Socrates, however, saw love as a form of a more religious, mystical madness. He equates it to enthusiasm and mania, in the religious sense. In the sense of inspiration, and of the role that love plays as a trigger towards a deeper view of the Sublime that entrenches the world.
It is no lie that love, whether in the form of Agape or Eros, propels us toward something better. Something higher. It even leads us to unconventional beliefs or behaviors that steer away from individualism or pettiness. It makes us nobler and more spiritually transcendental beings. And more often than not, we consider this as a form of “madness”.
Without a doubt, the best of Socrates’ quotes exist in one of Plato’s best-known dialogues, “The Symposium”.
4. “Love is of immortality”
Socrates may have uttered this most profound of quotes on love, but it was actually part of a narration by the philosopher Diotima. Socrates references the teachings of Diotima towards him when it is his turn in the “Symposium” to develop his philosophy on love.
Through their dialogue, the three concepts are born, that we may also consider as Socrates’ quotes about love. The first is “The love of generation and of birth in beauty”, the second is “Love as philosophy”, and the third is “The ladder of love”.
All three concepts lead to love as immortality. If all mortals desire to reach the sublime by a form of immortality, they seek to be born and reborn through one another in the body as well as in soul.
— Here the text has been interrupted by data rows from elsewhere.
Lemma optimal_policy_avoids_gap pi h s a :
  is_policy H pi -> is_optimal H M pi -> (h < H)%N ->
  gap M H h s a != 0 -> pi h s a = 0.
Proof.
move=> pi_dist pi_opt hH gap_neq0; have [pi_ge0 _] := pi_dist h hH s.
have terms_ge0 b : 0 <= pi h s b * gap M H h s b by rewrite mulr_ge0 ?gap_ge0.
have sum_eq0 : \sum_b pi h s b * gap M H h s b = 0.
  apply/eqP; rewrite eq_le sumr_ge0 // andbT.
  by have := expected_gap_le_subopt s pi_dist hH; rewrite pi_opt // subrr.
move/psumr_eq0P: sum_eq0 => /(_ (fun b _ => terms_ge0 b) a isT) /eqP.
by rewrite mulf_eq0 (negbTE gap_neq0) orbF => /eqP.
Qed.

Lemma SubOpt_ge_root_gap pi s0 : is_policy H pi -> (0 < H)%N ->
  d0 M s0 * \sum_a pi 0%N s0 a * gap M H 0 s0 a <= SubOpt H M pi.
Proof.
move=> pi_dist H_gt0; have [[d0_ge0 _] _ _ _] := HM.
have loss_ge0 s : 0 <= d0 M s * (Vstar M H 0 s - Vpi M pi H 0 s).
  by rewrite mulr_ge0 // subr_ge0 Vpi_le_Vstar.
rewrite /SubOpt (bigD1 s0) //= -[X in X <= _]addr0.
apply: lerD; last by apply: sumr_ge0.
apply: ler_wpM2l => //.
by have := expected_gap_le_subopt s0 pi_dist H_gt0; rewrite subn0.
Qed.

Lemma SubOpt_ge0 pi : is_policy H pi -> 0 <= SubOpt H M pi.
Proof.
move=> pi_dist; have [[d0_ge0 _] _ _ _] := HM.
by apply: sumr_ge0 => s _; rewrite mulr_ge0 // subr_ge0 Vpi_le_Vstar.
Qed.

End BellmanOptimality.

Definition tabular_features (R : realType) (S A : finType) (h : nat) (s : S) (a : A)
  : 'rV[R]_#|{: S * A}| := \row_j dirac R (enum_rank (s, a)) j.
This they achieve by ascending the ladder together, teaching and learning together on the nature of love.
The ladder leads them to the Platonic concept of Sublime Ideas. Ideas are mere conceptual forms with no material body. And to reach the dimension of Ideas through a philosophy of Love as dialectic is to become immortal.
Socrates, then, introduced Western philosophy to a key concept in other philosophies. By putting love as the epicenter of one’s personal philosophy and the ensuing system of values and principles, they can reach the immortality of the soul.
That doesn’t sound like a bad way to live gracefully. If anything, it seems perfect as a life philosophy that may nurture us and make us kind.